We're experiencing a large number of crashes during glLinkProgram on Adreno 505 and 506 devices. The most common device is the Moto G6 running Android 9, driver version V@331.
The shader which is being linked when the crash occurs doesn't appear to matter. But I believe there is a race between shaders being compiled in our application's GL thread, and in the Android UI's renderer thread (ie to render our application's UI, not the system UI)
Sometimes we get this backtrace from our GL thread:
Build fingerprint: 'motorola/ali_n/ali_n:9/PPS29.118-15-11/a37fd:user/release-keys'
Revision: 'PVT2'
ABI: 'arm'
pid: 6220, tid: 6324, name: Renderer >>> org.mozilla.fenix.debug <<<
signal 11 (SIGSEGV), code 1 (SEGV_MAPERR), fault addr 0x54
Cause: null pointer dereference
r0 78bf6889 r1 00000000 r2 00000000 r3 40000000
r4 00000000 r5 6be6e900 r6 00000000 r7 6af14000
r8 6af14054 r9 6af1403c r10 00000000 r11 0000000f
ip 80000000 sp 78bf6858 lr 98d54601 pc 98d54610
backtrace:
#00 pc 00732610 /vendor/lib/libllvm-glnext.so (ESXLinker::bcConstruct()+752)

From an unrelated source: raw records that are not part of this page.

Lemma unit_corner_tr m n (A : 'M[R]_(m.+1, n.+1)) : unit_corner A^T -> unit_corner A.
Proof.
case=> B [/mx_equiv_tr eB uB]; exists B^T; rewrite mxE; split => //.
by rewrite trmxK in eB.
Qed.

Lemma unit_corner_usubmx k l n (X : 'M[R]_(k.+1 + l, n.+1)) :
  unit_corner (usubmx X) -> unit_corner X.
Proof.
case=> _ [[P [Q [uP [uQ ->]]]] u00].
have uPl : (block_mx P 0 0 1%:M : 'M_(k.+1 + l)) \in unitmx.
  by rewrite unitmx_block_diag uP unitmx1.
exists (block_mx P 0 0 1%:M *m X *m Q); split; first by exists (block_mx P 0 0 1%:M), Q.
rewrite -[X in block_mx _ _ _ _ *m X](vsubmxK X) mul_block_col !mul0mx addr0 mul_col_mx.
have -> : (0 : 'I_(k.+1 + l)) = lshift l 0 by apply: val_inj.
by rewrite (col_mxEu (P *m usubmx X *m Q)).
Qed.

Lemma unit_corner_mx1 (A : 'M[R]_1) : primitive_mx A -> unit_corner A.
Proof.
case=> C; rewrite !big_ord1 => e; exists A; split; first exact: mx_equiv_refl.
by apply/unitrPr; exists (C 0 0); rewrite mulrC e.
Qed.

Lemma unit_corner_col2 (A : 'M[R]_(2, 1)) : primitive_mx A -> unit_corner A.
Proof.
case=> C; rewrite big_ord2 !big_ord1 => e.
set P := mx22 (C 0 0) (C 1 0) (- A 1 0) (A 0 0).
have uP : P \in unitmx by apply: unitmx22; rewrite e; ring.
exists (P *m A *m 1%:M); split; first by exists P, 1%:M; rewrite unitmx1.
by rewrite mulmx1 mulmx2E !mxE /= -e unitr1.
Qed.

Lemma block_pivot_equiv m n (u : R) (w : 'M[R]_(1, n)) (v : 'M[R]_(m, 1)) (W : 'M[R]_(m, n)) :
  u \is a GRing.unit ->
  mx_equiv (block_mx u%:M w v W) (block_mx u%:M 0 0 (W - u^-1 *: (v *m w))).
Proof.
move=> uu; exists (block_mx 1%:M 0 (- (u^-1 *: v)) 1%:M), (block_mx 1%:M (- (u^-1 *: w)) 0 1%:M).
rewrite !unitmxE det_lblock det_ublock !det1 !mulr1 unitr1; do 2!split => //.
rewrite !mulmx_block !mul1mx !mul0mx !mulmx1 !mulmx0 ?addr0 ?add0r.
rewrite mul_scalar_mx mul_mx_scalar !scalerN !scalerA mulrV // scale1r !addNr.
by rewrite scale1r addNr mul0mx add0r mulNmx -scalemxAl addrC.
Qed.

Lemma unit_corner_block m n (C : 'M[R]_(1 + m, 1 + n)) : C 0 0 \is a GRing.unit ->
  exists W, mx_equiv C (block_mx (C 0 0)%:M 0 0 W).
Proof.
move=> uC; have eC : C = block_mx (C 0 0)%:M (ursubmx C) (dlsubmx C) (drsubmx C).
  rewrite -{1}[C]submxK; congr block_mx; apply/matrixP => i j.
  rewrite (ord1 i) (ord1 j) !mxE eqxx mulr1n.
  by congr (C _ _); apply: val_inj.
by eexists; rewrite {1}eC; apply: block_pivot_equiv.
Qed.

End Equivalence.

Section BezoutMatrices.
Variable R : idomainType.
Hypothesis hB : bezout_domain R.

Lemma bezout_family (I : eqType) (f : I -> R) (r : seq I) : uniq r ->
  exists g (c : I -> R), g = \sum_(i <- r) c i * f i /\ forall i, i \in r -> rdvd g (f i).
Proof.
elim: r => [_|i r IH /= /andP [ni ur]]; first by exists 0, (fun _ => 0); rewrite big_nil.
have [g [c [eg hg]]] := IH ur.
have [h [u [v [hi [[k hk] eh]]]]] := bezout2 hB (f i) g.
exists h, (fun j => if j == i then u else v * c j); split.
  rewrite big_cons eqxx eh eg mulr_sumr; congr (_ + _).
  apply: eq_big_seq => j jr; rewrite mulrA.
  by case: eqP jr => // ->; rewrite (negPf ni).
move=> j; rewrite inE => /orP [/eqP -> //|/hg [k' ->]].
by exists (k' * k); rewrite hk mulrA.
Qed.

Lemma mx_content_factor m n (A : 'M[R]_(m.+1, n.+1)) :
  exists g A', A = g *: A' /\ primitive_mx A'.
Proof.
have [g [c [eg hg]]] :=
  bezout_family (fun ij => A ij.1 ij.2) (index_enum_uniq ('I_m.+1 * 'I_n.+1)%type).
have [g0|gn0] := eqVneq g 0.
  exists 0, (const_mx 1); rewrite scale0r; split; last first.
    by have := entry_span_entry (const_mx 1 : 'M[R]_(m.+1, n.+1)) 0 0; rewrite mxE.
  apply/matrixP => i j; have [k ->] := hg (i, j) (mem_index_enum _).
  by rewrite g0 mulr0 mxE.
have [f hf] := fin_all_exists (fun ij => hg ij (mem_index_enum ij)).
exists g, (\matrix_(i, j) f (i, j)).
have eA : A = g *: \matrix_(i, j) f (i, j).
  by apply/matrixP => i j; rewrite !mxE [LHS](hf (i, j)) mulrC.
split => //; exists (\matrix_(i, j) c (i, j)); apply: (mulIf gn0).
rewrite mul1r [LHS]eg pair_bigA mulr_suml /=; apply: eq_bigr => [[i j]] _.
by rewrite !mxE [A i j](hf (i, j)) mulrA.
Qed.

Lemma unit_corner_rows n :
  (forall A : 'M[R]_(2, n.+1), primitive_mx A -> unit_corner A) ->
  forall m (A : 'M[R]_(m.+2, n.+1)), primitive_mx A -> unit_corner A.
Proof.
move=> corner2; elim=> [|m IH]; first exact: corner2.
change (forall A : 'M[R]_(1 + m.+2, n.+1), primitive_mx A -> @unit_corner R m.+2 n A).
move=> A pA; have [a [B eA]] : exists a B, A = col_mx a B.
  by exists (usubmx A), (dsubmx A); rewrite vsubmxK.
have [g [B' [eB pB']]] := mx_content_factor B.
have [C [[P [Q [uP [uQ eC]]]] uC]] := IH B' pB'.
pose X : 'M_(1 + m.+2, n.+1) := col_mx (a *m Q) (g *: C).
have eqX : mx_equiv A X.
  exists (block_mx 1%:M 0 0 P), Q; rewrite unitmx_block_diag unitmx1 uP uQ; do 2!split => //.
  rewrite /X eA eB eC mul_block_col mul1mx !mul0mx addr0 add0r mul_col_mx.
  by rewrite -scalemxAr -scalemxAl.
(* The content g of the lower block sits in row 1 of X up to a unit, so the first two
   rows of X span all its entries. *)
apply: (unit_corner_equiv eqX); apply: (@unit_corner_usubmx _ 1 m.+1 n); apply: corner2.
set S := usubmx _.
have S0 j : S 0 j = X (lshift m.+2 0) j by rewrite mxE; congr (X _ _); apply: val_inj.
have S1 j : S 1 j = X (rshift 1 0) j by rewrite mxE; congr (X _ _); apply: val_inj.
apply: (entry_span_trans _ (primitive_equiv eqX pA)) => i j.
rewrite -(splitK i); case: (split i) => i0 /=.
  by rewrite (ord1 i0) -S0; exact: entry_span_entry.
have -> : X (rshift 1 i0) j = (C 0 0)^-1 * C i0 j * S 1 0.
  by rewrite S1 !col_mxEd !mxE mulrCA mulrAC mulVr // mul1r.
by apply: entry_spanMl; exact: entry_span_entry.
Qed.

End BezoutMatrices.

Section Kaplansky.
Variable R : idomainType.
Hypothesis hB : bezout_domain R.
Hypothesis hK : kaplansky_condition R.

Lemma unit_corner_mx2 (A : 'M[R]_2) : primitive_mx A -> unit_corner A.
Proof.
move=> pA; have [g [a' [c' [ea [ec [s [t hst]]]]]]] := factor_gcd2 hB (A 0 0) (A 1 0).
set T := mx22 s t (- c') a' *m A *m 1%:M.
have eqT : mx_equiv A T.
  by exists (mx22 s t (- c') a'), 1%:M; rewrite unitmx1 unitmx22 // -hst; ring.
have T00 : T 0 0 = g by rewrite /T mulmx1 mulmx2E !mxE /= ea ec -[RHS]mulr1 -hst; ring.
have T10 : T 1 0 = 0 by rewrite /T mulmx1 mulmx2E !mxE /= ea ec; ring.
clearbody T.
have [C] := primitive_equiv eqT pA; rewrite !big_ord2 T00 T10 => eC.
have [p [q [u [v huv]]]] : exists p q, comaximal (p * g) (p * T 0 1 + q * T 1 1).
  by apply: hK; exists (C 0 0), (C 0 1), (C 1 1); rewrite eC; ring.
(* The unimodular row (p, q) and column (u, v) are completed to invertible matrices. *)
set L := mx22 p q (- (v * T 1 1)) (u * g + v * T 0 1).
set Rt := mx22 u (- (p * T 0 1 + q * T 1 1)) v (p * g).
have uL : L \in unitmx by apply: unitmx22; rewrite -huv; ring.
have uRt : Rt \in unitmx by apply: unitmx22; rewrite -huv; ring.
apply: (unit_corner_equiv eqT); exists (L *m T *m Rt); split; first by exists L, Rt.
suff -> : (L *m T *m Rt) 0 0 = 1 by exact: unitr1.
by rewrite !mulmx2E !mxE /= T00 T10 -huv; ring.
Qed.

Lemma primitive_unit_corner m n (A : 'M[R]_(m.+1, n.+1)) : primitive_mx A -> unit_corner A.
Proof.
have row_of_col k (corner : forall m (A : 'M[R]_(m.+1, k.+1)), primitive_mx A -> unit_corner A)
    l (B : 'M[R]_(k.+1, l.+1)) : primitive_mx B -> unit_corner B.
  by move=> /entry_span_tr pB; apply: unit_corner_tr; exact: corner.
have col1 k (B : 'M[R]_(k.+1, 1)) : primitive_mx B -> unit_corner B.
  case: k B => [|k] B; first exact: unit_corner_mx1.
  exact: (@unit_corner_rows R hB 0 (@unit_corner_col2 R)).
have col2 k (B : 'M[R]_(k.+1, 2)) : primitive_mx B -> unit_corner B.
  case: k B => [|k] B; first exact: (row_of_col 0 col1).
  exact: (@unit_corner_rows R hB 1 unit_corner_mx2).
case: m A => [|m] A; first exact: (row_of_col 0 col1).
exact: (@unit_corner_rows R hB n (row_of_col 1 col2 n)).
Qed.

Lemma corner_block_equiv m n (A : 'M[R]_(1 + m, 1 + n)) :
  exists d B, mx_equiv A (block_mx d%:M 0 0 B) /\ forall i j, rdvd d (B i j).
Proof.
have [g [A' [-> pA']]] := mx_content_factor hB A.
have [C [eqC uC]] := primitive_unit_corner pA'.
have [W eqW] := unit_corner_block uC.
exists (g * C 0 0), (g *: W); split.
  have := mx_equivZ g eqW; rewrite scale_block_mx scale_scalar_mx !scaler0.
  exact: mx_equiv_trans (mx_equivZ g eqC).
by move=> i j; exists (W i j * (C 0 0)^-1); rewrite mxE [g * C 0 0]mulrC mulrA mulrVK // mulrC.
Qed.

Lemma smith_of_kaplansky m n (A : 'M[R]_(m, n)) : exists D, mx_equiv A D /\ smith_diag D.
Proof.
elim: m n A => [|m IH] [|n] A; try by exists A; split; [exact: mx_equiv_refl | split=> [[]|[]]].
  by exists A; split; [exact: mx_equiv_refl | split=> [? []|? ? []]].
have [d [B [eqA hd]]] := corner_block_equiv (A : 'M_(1 + m, 1 + n)).
have [D [eqB sD]] := IH n B.
exists (block_mx (d%:M : 'M_1) 0 0 D); split.
  exact: mx_equiv_trans eqA (mx_equiv_block_diag _ eqB).
apply: smith_diag_block => // i j; case: eqB => P [Q [_ [_ ->]]].
exact: entry_span_rdvd hd (entry_span_mulmx _ _ _ i j).
Qed.

Lemma edr_of_kaplansky : elementary_divisor_ring R.
Proof.
move=> m n A; have [_ [[P [Q [uP [uQ ->]]]] sD]] := smith_of_kaplansky A.
by exists P, Q.
Qed.

End Kaplansky.

Lemma kaplansky_of_edr (R : comUnitRingType) :
  elementary_divisor_ring R -> kaplansky_condition R.
Proof.
move=> hE a b c [x [y [z hxyz]]].
have [P [Q [uP [uQ [sD0 sD1]]]]] := hE 2%N 2%N (mx22 a b 0 c).
set D := P *m _ *m Q in sD0 sD1.
have eqD : mx_equiv (mx22 a b 0 c) D by exists P, Q.
have ord2 (k : 'I_2) : k = 0 \/ k = 1 by case: k => [[|[|//]] ?]; [left | right]; apply: val_inj.
have dvdD i j : rdvd (D 0 0) (D i j).
  have [->|->] := ord2 i; have [->|->] := ord2 j.
  - by exists 1; rewrite mul1r.
  - by rewrite (sD0 0 1) //; exact: rdvd0.
  - by rewrite (sD0 1 0) //; exact: rdvd0.
  - exact: (sD1 0 1 0 1).
have dvdA i j : rdvd (D 0 0) (mx22 a b 0 c i j).
  exact: entry_span_rdvd dvdD (mx_equiv_entry_span (mx_equiv_sym eqD) (entry_span_entry _ i j)).
have [k hk] : rdvd (D 0 0) 1.
  rewrite -hxyz; apply: rdvdD; [apply: rdvdD|]; apply: rdvdMl.
  - by have := dvdA 0 0; rewrite [mx22 _ _ _ _ _ _]mxE.
  - by have := dvdA 0 1; rewrite [mx22 _ _ _ _ _ _]mxE.
  - by have := dvdA 1 1; rewrite [mx22 _ _ _ _ _ _]mxE.
exists (P 0 0), (P 0 1), (k * Q 0 0), (k * Q 1 0).
by rewrite hk /D !mulmx2E !mxE /=; ring.
Qed.

Theorem theorem2p13 (R : idomainType) (hB : bezout_domain R) :
  elementary_divisor_ring R <->
  (forall a1 a2 b1 b2 : R, rcoprime a1 a2 -> rcoprime b1 b2 ->
     exists r : R, exists alpha beta : R,
       b1 + r * b2 = alpha * beta /\
       rcoprime alpha beta /\ rcoprime a1 alpha /\ rcoprime a2 beta).
Proof.
split=> [/kaplansky_of_edr | /(kaplansky_of_coprime_split hB)].
  exact: coprime_split_of_kaplansky.
exact: edr_of_kaplansky.
Qed.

#01 pc 00734e19 /vendor/lib/libllvm-glnext.so (SOLinker::linkShaders(QGLC_LINKPROGRAM_DATA*, QGLC_LINKPROGRAM_RESULT*)+88)
#02 pc 0072dafb /vendor/lib/libllvm-glnext.so (CompilerContext::LinkProgram(unsigned int, QGLC_SRCSHADER_IRSHADER**, QGLC_LINKPROGRAM_DATA*, QGLC_LINKPROGRAM_RESULT*)+322)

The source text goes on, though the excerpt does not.